RECURRENT HERPES SIMPLEX INFECTIONS OF UPPER EXTREMITIES WITH LYMPHANGITIS: Report of Three Cases with Virus Studies in Two

Author Affiliations

MEDICAL CORPS, ARMY OF THE UNITED STATES; ARLINGTON, VA.

From the Dermatology and Syphilology Section, Walter Reed Army Hospital, Washington, D. C. (Lieutenant Colonel William N. Piper, Medical Corps, Army of the United States, Chief of Section), and the Department of Dermatology and Syphilology, Georgetown University School of Medicine, Washington, D. C.
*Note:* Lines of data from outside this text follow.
(* The neighbourhood of a vertex v in Gamma_{G,H} is (v^-1 H) minus {v^-1, v}.
   If C is a total perfect code and d is the C-neighbour of 1, then the C-neighbour
   of d is 1, and a vertex y in H \ {1, d, d^-1} would have the two C-neighbours 1
   and d; hence H = {1, d, d^-1} has order 2 or 3.  For |H| = 2 the code condition
   at x outside H with x^2 in H forces x^2 = 1.  For |H| = 3, if every w in a coset
   X = xH had w^2 outside H or w^2 = 1, then the C-neighbours of the w^-1 would be
   the sets (C :&: X) minus w, each of size 1, which is impossible for |X| = 3.
   This rules out both x^2 outside H and x inverting H, so G/H has exponent 2 and H
   is central, whence G is abelian and G = 'Ldiv_2(G) x H, the first factor being
   elementary abelian.  Conversely, C = G works when |H| = 2, and for H of order 3
   generated by d the set of x with x^2 <> d is a total perfect code. *)

Lemma card_setD1_eq1_le2 (T : finType) (B X : {set T}) :
  B \subset X -> {in X, forall w, #|B :\ w| = 1%N} -> #|X| <= 2.
Proof.
move=> sBX BX1; rewrite leqNgt; apply/negP => X3.
have [w0 Xw0] : exists w, w \in X.
  by apply/set0Pn; rewrite -card_gt0 (leq_trans _ X3).
have /set0Pn [b /setD1P [_ Bb]] : B :\ w0 != set0 by rewrite -card_gt0 BX1.
have B2 : #|B| = 2 by rewrite (cardsD1 b) Bb BX1 ?(subsetP sBX).
have /subsetPn [w Xw nBw] : ~~ (X \subset B).
  by apply: contraL X3 => /subset_leq_card; rewrite B2 -leqNgt.
have BwB : B :\ w = B.
  by apply/setP => y; rewrite !inE andb_idl // => By; apply: contraNneq nBw => <-.
by have := BX1 w Xw; rewrite BwB B2.
Qed.

Lemma rV2_abelem n : 2.-abelem [set: 'rV['Z_2]_n].
Proof.
by apply: (@fin_lmod_pchar_abelem 2 'Z_2 'rV['Z_2]_n); apply: (pchar_Fp (p := 2)).
Qed.

Section GroupLemmas.
Variable gT : finGroupType.
Implicit Types x y h : gT.

Lemma expg2_mulJ x h : (x * h) ^+ 2 = x ^+ 2 * (h ^ x * h).
Proof. by rewrite !expgS !expg0 !mulg1 conjgE !mulgA mulgK. Qed.

Lemma commg_expg2 x y : [~ x, y] = (x ^+ 2)^-1 * (x * y^-1) ^+ 2 * y ^+ 2.
Proof. by rewrite /commg conjgE !expgS !expg0 !mulg1 !invMg !mulgA !mulgKV. Qed.

Lemma odd_expg2_eq1 (H : {group gT}) h :
  odd #|H| -> h \in H -> h ^+ 2 = 1 -> h = 1.
Proof.
move=> oddH Hh h2; apply/eqP; rewrite -order_eq1 -dvdn1.
have /eqP <- : coprime 2 #|H| by rewrite coprime2n.
by rewrite dvdn_gcd order_dvdn h2 eqxx order_dvdG.
Qed.

Lemma order3_powers (H : {group gT}) : #|H| = 3 ->
  exists d, [/\ d \in H, #[d] = 3
              & forall y, y \in H -> exists2 i, i < 3 & y = d ^+ i].
Proof.
move=> H3; have /card_gt0P[d /setD1P[d1 Hd]] : 0 < #|H^#|.
  by move: H3; rewrite (cardsD1 1) group1 add1n => -[->].
have od : #[d] = 3 by apply: nt_prime_order; rewrite // -H3 expg_cardG.
have defH : <[d]> = H by apply/eqP; rewrite eqEcard cycle_subG Hd -orderE od H3.
exists d; split => // y; rewrite -defH => /cycleP[i ->].
by exists (i %% 3); rewrite ?ltn_pmod // -od expg_mod_order.
Qed.

End GroupLemmas.

Definition abelian_sqr_order3 (gT : finGroupType) (G H : {set gT}) :=
  [/\ abelian G, #|H| = 3 & {in G, forall x, x ^+ 2 \in H}].

Definition Z2n_Z3_isom (gT : finGroupType) (G H : {set gT}) :=
  exists n, exists f : {morphism G >-> ('rV['Z_2]_n * 'Z_3)%type},
    isom G [set: ('rV['Z_2]_n * 'Z_3)%type] f
    /\ f @* H = [set u : ('rV['Z_2]_n * 'Z_3)%type | u.1 == 0%R].

Section SubgroupSumGraph.
Variables (gT : finGroupType) (G H : {group gT}).
Hypothesis nsHG : H <| G.

Let sHG : H \subset G := normal_sub nsHG.

Lemma ssg_adjE v c : v \in G -> ssg_adj G H v c = (v != c) && (v * c \in H^#).
Proof.
move=> Gv; rewrite /ssg_adj Gv /=; case Hvc: (v * c \in H^#); rewrite ?andbF //.
move: Hvc => /setD1P[_ /(subsetP sHG) Gvc].
by rewrite -(mulKg v c) groupM ?groupV.
Qed.

Lemma lcoset_expg2 x w : x \in G -> w \in x *: H -> (w ^+ 2 \in H) = (x ^+ 2 \in H).
Proof.
move=> Gx; rewrite mem_lcoset => Hxw; rewrite -(mulKVg x w) expg2_mulJ.
by rewrite groupMr // groupM // memJ_norm // (subsetP (normal_norm nsHG)).
Qed.

Section TotalPerfectCode.
Variable C : {set gT}.
Hypothesis tpcC : total_perfect_code G H C.

Lemma tpc_neighbour v : v \in G -> exists2 c, c \in C & ssg_adj G H v c.
Proof.
move=> Gv; have /card_gt0P[c] : 0 < #|[set c in C | ssg_adj G H v c]|.
  by rewrite tpcC.2.
by rewrite inE => /andP[]; exists c.
Qed.

Lemma tpc_neighbour_uniq v a b : v \in G -> a \in C -> b \in C ->
  ssg_adj G H v a -> ssg_adj G H v b -> a = b.
Proof.
move=> Gv Ca Cb va vb; apply: (card_le1_eqP (eq_leq (tpcC.2 v Gv))).
  by rewrite inE Cb vb.
by rewrite inE Ca va.
Qed.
AMA Arch Derm Syphilol. 1953;67(1):37-41. doi:10.1001/archderm.1953.01540010041005
Abstract

THE PROTEAN nature of infections due to the virus of herpes simplex has been repeatedly emphasized, and unusual clinical manifestations caused by this virus are being recorded with increasing frequency.1 Herpes simplex infections occurring on the fingers or forearms, however, have been described only rarely, and their association with lymphangitis is even more unusal.2 Furthermore, actual identification of the virus has been accomplished only in occasional instances.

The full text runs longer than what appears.